(Dataset excerpts)

────────────────────

Lemma leaf2_half_sq_bounds x : r (2 * x) <> 0 -> 0 < r x ^ 2 < 1.
Proof.
  intros Hne. destruct (leaf2_double x) as [Hr _].
  assert (r x <> 0 /\ p x <> 0) as [Hr0 Hp0]
    by (split; intros H0; apply Hne; rewrite Hr, H0; unfold Rdiv; ring).
  pose proof (leaf2_energy x). pose proof (pow2_gt_0 _ Hr0). pose proof (pow2_gt_0 _ Hp0).
  split; [lra | nra].
Qed.

Lemma leaf2_p_nonpos_somewhere : exists x, 0 < x /\ p x <= 0.
Proof.
  apply NNPP. intros Hno.
  assert (Hpos : forall x, 0 < x -> 0 < p x)
    by (intros x Hx; apply Rnot_le_lt; intros Hp; apply Hno; exists x; auto).
  assert (Hrho : 0 < r 1).
  { rewrite <- r_0. apply (derive_pos_lt r p); [lra | intros; apply Dr | intros; apply Hpos; lra]. }
  set (rho := r 1) in *.
  assert (Hrho3 : 0 < rho ^ 3) by (apply pow_lt; lra).
  pose (x := 1 + 1 / rho ^ 3).
  assert (Hx : 1 < x) by (unfold x; assert (0 < 1 / rho ^ 3) by (apply Rdiv_lt_0_compat; lra); lra).
  (* after time 1, [r >= rho] makes [p] decrease at rate at least [2 rho^3] *)
  assert (Hdecay : - p 1 - 2 * rho ^ 3 * 1 <= - p x - 2 * rho ^ 3 * x).
  { apply (derive_nonneg_le (fun t => - p t - 2 * rho ^ 3 * t)
      (fun t => 2 * r t ^ 3 - 2 * rho ^ 3)); [lra | |].
    - intros t _. auto_derive_from_hyps. ring.
    - intros t Ht. enough (rho ^ 3 <= r t ^ 3) by lra. apply pow_incr. split; [lra|].
      apply (derive_nonneg_le r p); [lra | intros; apply Dr | intros; apply Rlt_le, Hpos; lra]. }
  assert (Hp1 : p 1 <= 1) by (pose proof (leaf2_energy 1); pose proof (pow2_ge_0 (r 1 ^ 2)); nra).
  assert (2 * rho ^ 3 * (x - 1) = 2) by (unfold x; field; lra).
  specialize (Hpos x ltac:(lra)). lra.
Qed.

Lemma leaf2_p_first_zero : exists t0, first_root_from p 0 t0.
Proof.
  destruct leaf2_p_nonpos_somewhere as [x1 [Hx1 Hpx1]].
  apply (first_root p 0 x1); [| lra | rewrite p_0; lra | exact Hpx1].
  intros x. apply (is_derive_continuity_pt _ _ _ (Dp x)).
Qed.

Section QuarterPeriod.

Variable t0 : R.
Hypothesis t0_first_zero : first_root_from p 0 t0.

Let t0_pos : 0 < t0 := proj1 t0_first_zero.
Let p_t0 : p t0 = 0 := proj1 (proj2 t0_first_zero).
Let p_pos : forall y, 0 <= y < t0 -> 0 < p y := proj2 (proj2 t0_first_zero).

Lemma leaf2_r_increasing a b : 0 <= a < b -> b <= t0 -> r a < r b.
Proof.
  intros Hab Hb. apply (derive_pos_lt r p); [lra | intros; apply Dr | intros; apply p_pos; lra].
Qed.

Lemma leaf2_r_t0 : r t0 = 1.
Proof.
  pose proof (leaf2_energy t0) as E. rewrite p_t0 in E.
  assert (Hr : 0 < r t0) by (rewrite <- r_0; apply leaf2_r_increasing; lra).
  assert (Hfac : (r t0 - 1) * ((r t0 + 1) * (r t0 ^ 2 + 1)) = 0) by (ring_simplify; lra).
  apply Rmult_integral in Hfac as [Hfac | Hfac]; [lra|].
  pose proof (pow2_ge_0 (r t0)). nra.
Qed.
(* Let $\mathcal{F}$ be the class of planar graphs of maximum degree at most $4$, and let $G \in \mathcal{F}$ be a graph with $\chi_2(G) > 12$ that minimizes the pair $(|V(G)|, |E(G)|)$ (lexicographically) among all graphs of $\mathcal{F}$ with $\chi_2 > 12$. Then $G$ is $2$-connected.
   Context: All graphs are finite, without loops or parallel edges. A distance-$2$ coloring of a graph is an assignment of colors to its vertices such that any two distinct vertices at distance at most $2$ receive different colors; $\chi_2(G)$ is the minimum number of colors in a distance-$2$ coloring of $G$. *)

From Stdlib Require Import Reals.
From mathcomp Require Import all_boot.
Set Implicit Arguments. Unset Strict Implicit. Unset Printing Implicit Defensive.

Definition simple_graph (T : finType) (e : rel T) : Prop :=
  symmetric e /\ irreflexive e.

Definition deg (T : finType) (e : rel T) (x : T) : nat := #|[set y | e x y]|.
Definition max_deg_le (T : finType) (e : rel T) (d : nat) : Prop :=
  forall x, deg e x <= d.

Definition num_edges (T : finType) (e : rel T) : nat :=
  (#|[set p : T * T | e p.1 p.2]|)./2.

(* Distance-2 colouring with k colours: distinct vertices at distance <= 2
   get distinct colours. chi_2(G) <= k iff such a colouring exists. *)
Definition dist2_coloring (T : finType) (e : rel T) (k : nat) (f : T -> 'I_k) : Prop :=
  forall x y, x != y -> (e x y || [exists z, e x z && e z y]) -> f x != f y.
Definition dist2_colorable (T : finType) (e : rel T) (k : nat) : Prop :=
  exists f : T -> 'I_k, dist2_coloring e f.
Lemma cross_nbrs_le_degA ps A u : #|cross_nbrs ps A u| <= degA A u.
Proof. by apply/subset_leq_card/subsetP => w; rewrite !inE => /and3P []. Qed.

Lemma adv_inv_add_absent ps A q e : adv_inv ps A q -> ~~ answered ps A e ->
  ~~ merges ps A e -> adv_inv ps (add_edge A e) q.+1.
Proof.
case=> part nil disj cross degA_sum merges_le pot.
rewrite negb_or => /andP [nA_e nP_e] no_merge; split=> //.
- by move=> e'; rewrite ffunE => /orP [/disj | /eqP ->].
- move=> u u_end.
  have [old|] := boolP [forall w, (w \in cross_nbrs ps (add_edge A e) u) ==> gadj A u w].
    apply: leq_trans (cross u u_end); apply/subset_leq_card/subsetP => w w_in.
    move: (forallP old w) w_in; rewrite !inE => /implyP uw w_new.
    by rewrite (uw w_new); case/and3P: w_new => -> ->.
  rewrite negb_forall => /existsP [w]; rewrite negb_imply inE gadj_add_edge -orbA.
  case/andP => /and3P [w_end nsame] /orP [->//|e_uw] nA_uw.
  have: ~~ (heavy A u || heavy A w).
    by case/orP: e_uw no_merge => /eqP eE; rewrite /merges eE /= u_end w_end ?nsame //
      same_pathC nsame orbC.
  rewrite negb_or /heavy -ltnNge => /andP [light_u _].
  apply: (leq_trans (cross_nbrs_le_degA _ _ _)).
  exact: leq_trans (degA_add_edge_le _ _ _) light_u.
- apply: (@leq_trans (\sum_(u : 'I_n) (degA A u + (u == (val e).1) + (u == (val e).2)))).
    by apply: leq_sum => u _; apply: degA_add_edge.
  by rewrite !big_split /= !sum_pred1_nat -addnA addnC mulnS leq_add2l.
- by rewrite addnS (leq_trans merges_le).
- apply: leq_trans pot _; rewrite leq_add2l; apply: leq_sum => u _.
  rewrite leq_mul2r; case: (boolP (heavy A u)) => [heavy_u|]; rewrite ?orbT //.
  by rewrite /heavy (leq_trans heavy_u (degA_add_edge_ge _ _ _)) orbT.
Qed.
(* Let $F$ be a finite field of characteristic $2$, let $n\ge 1$, and let $R$ be an even integer. Then there is a finite set of homogeneous polynomials of degree $R+1$ in the coefficients $a_{ij}$ ($1\le i\le j\le n$), with coefficients in $F$, such that for every quadratic form $Q(x_1,\ldots,x_n)=\sum_{1\le i\le j\le n}a_{ij}x_ix_j$ over $F$, these polynomials all vanish at $(a_{ij})$ if and only if $\mathrm{Rank}(Q)\le R$.
   Context: The rank of a quadratic form $Q$ over a field $F$ is the minimal integer $m$ such that there exist a quadratic form $Q'$ over $F$ in $m$ variables and linear forms $L_1,\ldots,L_m$ over $F$ with $Q(x_1,\ldots,x_n)=Q'(L_1,\ldots,L_m)$. *)

From HB Require Import structures.
From mathcomp Require Import all_boot all_order all_algebra.
Set Implicit Arguments. Unset Strict Implicit. Unset Printing Implicit Defensive.
Import Order.TTheory GRing.Theory.
Local Open Scope ring_scope.

(* Index set of the coefficients a_ij, 1 <= i <= j <= n (0-based here). *)
Definition qvar (n : nat) := {p : 'I_n * 'I_n | (p.1 <= p.2)%N}.

(* Coefficient of the monomial x_i x_j (i <= j) in the polynomial x^T M x. *)
Definition qf_coef (F : pzRingType) (n : nat) (M : 'M[F]_n) (i j : 'I_n) : F :=
  if i == j then M i i else M i j + M j i.

(* The quadratic form Q = sum_{i<=j} a_ij x_i x_j (given by a) is, as a
   polynomial, equal to Q'(L_1,...,L_m), where Q'(y) = y^T B y is an arbitrary
   quadratic form in m variables and L = C x are m linear forms. *)
Definition qf_repr (F : finNzRingType) (n : nat) (a : qvar n -> F) (m : nat) : bool :=
  [exists B : 'M[F]_m, exists C : 'M[F]_(m, n),
     [forall v : qvar n, qf_coef (C^T *m B *m C) (sval v).1 (sval v).2 == a v]].

Lemma qf_repr_n (F : finNzRingType) (n : nat) (a : qvar n -> F) :
  exists m, qf_repr a m.
Proof.
exists n; apply/existsP.
pose B : 'M[F]_n := \matrix_(i, j) (if insub (i, j) is Some v then a v else 0).
exists B; apply/existsP; exists 1%:M; apply/forallP => v.
rewrite trmx1 mul1mx mulmx1 /qf_coef /B !mxE.
case: v => [[i j] /= hij].
have Hs : forall (k l : 'I_n) (h : (k <= l)%N), insub (k, l) = Some (exist _ (k, l) h : qvar n).
  by move=> k l h; rewrite insubT /=; congr Some; apply: val_inj.
case: (eqVneq i j) => [eij|neij].
  by subst j; rewrite (Hs _ _ hij).
rewrite (Hs _ _ hij) insubF ?addr0 //=.
by apply/negbTE; rewrite -ltnNge ltn_neqAle hij andbT.
Qed.

Definition qf_rank (F : finNzRingType) (n : nat) (a : qvar n -> F) : nat :=
  ex_minn (qf_repr_n a).

(* Homogeneous polynomials of degree d in the variables indexed by V, with
   coefficients in F: a coefficient for each exponent vector e : V -> nat
   (exponents are < d.+1), nonzero only on monomials of total degree d. *)
Record hpoly (F : pzRingType) (V : finType) (d : nat) := HPoly {
  hcoef : {ffun {ffun V -> 'I_d.+1} -> F};
  hcoef_homog : forall e, hcoef e != 0 -> (\sum_(v : V) (e v : nat))%N = d
}.

Definition heval (F : comRingType) (V : finType) (d : nat)
    (p : hpoly F V d) (x : V -> F) : F :=
  \sum_(e : {ffun V -> 'I_d.+1}) hcoef p e * \prod_(v : V) x v ^+ (e v : nat).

────────────────────

Your goal: Start at the first line of the entries and stop at the line with "(fun t => 2". Retype each of those lines exactly, both ends included.

Answer:
Lemma leaf2_half_sq_bounds x : r (2 * x) <> 0 -> 0 < r x ^ 2 < 1.
Proof.
  intros Hne. destruct (leaf2_double x) as [Hr _].
  assert (r x <> 0 /\ p x <> 0) as [Hr0 Hp0]
    by (split; intros H0; apply Hne; rewrite Hr, H0; unfold Rdiv; ring).
  pose proof (leaf2_energy x). pose proof (pow2_gt_0 _ Hr0). pose proof (pow2_gt_0 _ Hp0).
  split; [lra | nra].
Qed.

Lemma leaf2_p_nonpos_somewhere : exists x, 0 < x /\ p x <= 0.
Proof.
  apply NNPP. intros Hno.
  assert (Hpos : forall x, 0 < x -> 0 < p x)
    by (intros x Hx; apply Rnot_le_lt; intros Hp; apply Hno; exists x; auto).
  assert (Hrho : 0 < r 1).
  { rewrite <- r_0. apply (derive_pos_lt r p); [lra | intros; apply Dr | intros; apply Hpos; lra]. }
  set (rho := r 1) in *.
  assert (Hrho3 : 0 < rho ^ 3) by (apply pow_lt; lra).
  pose (x := 1 + 1 / rho ^ 3).
  assert (Hx : 1 < x) by (unfold x; assert (0 < 1 / rho ^ 3) by (apply Rdiv_lt_0_compat; lra); lra).
  (* after time 1, [r >= rho] makes [p] decrease at rate at least [2 rho^3] *)
  assert (Hdecay : - p 1 - 2 * rho ^ 3 * 1 <= - p x - 2 * rho ^ 3 * x).
  { apply (derive_nonneg_le (fun t => - p t - 2 * rho ^ 3 * t)
      (fun t => 2 * r t ^ 3 - 2 * rho ^ 3)); [lra | |].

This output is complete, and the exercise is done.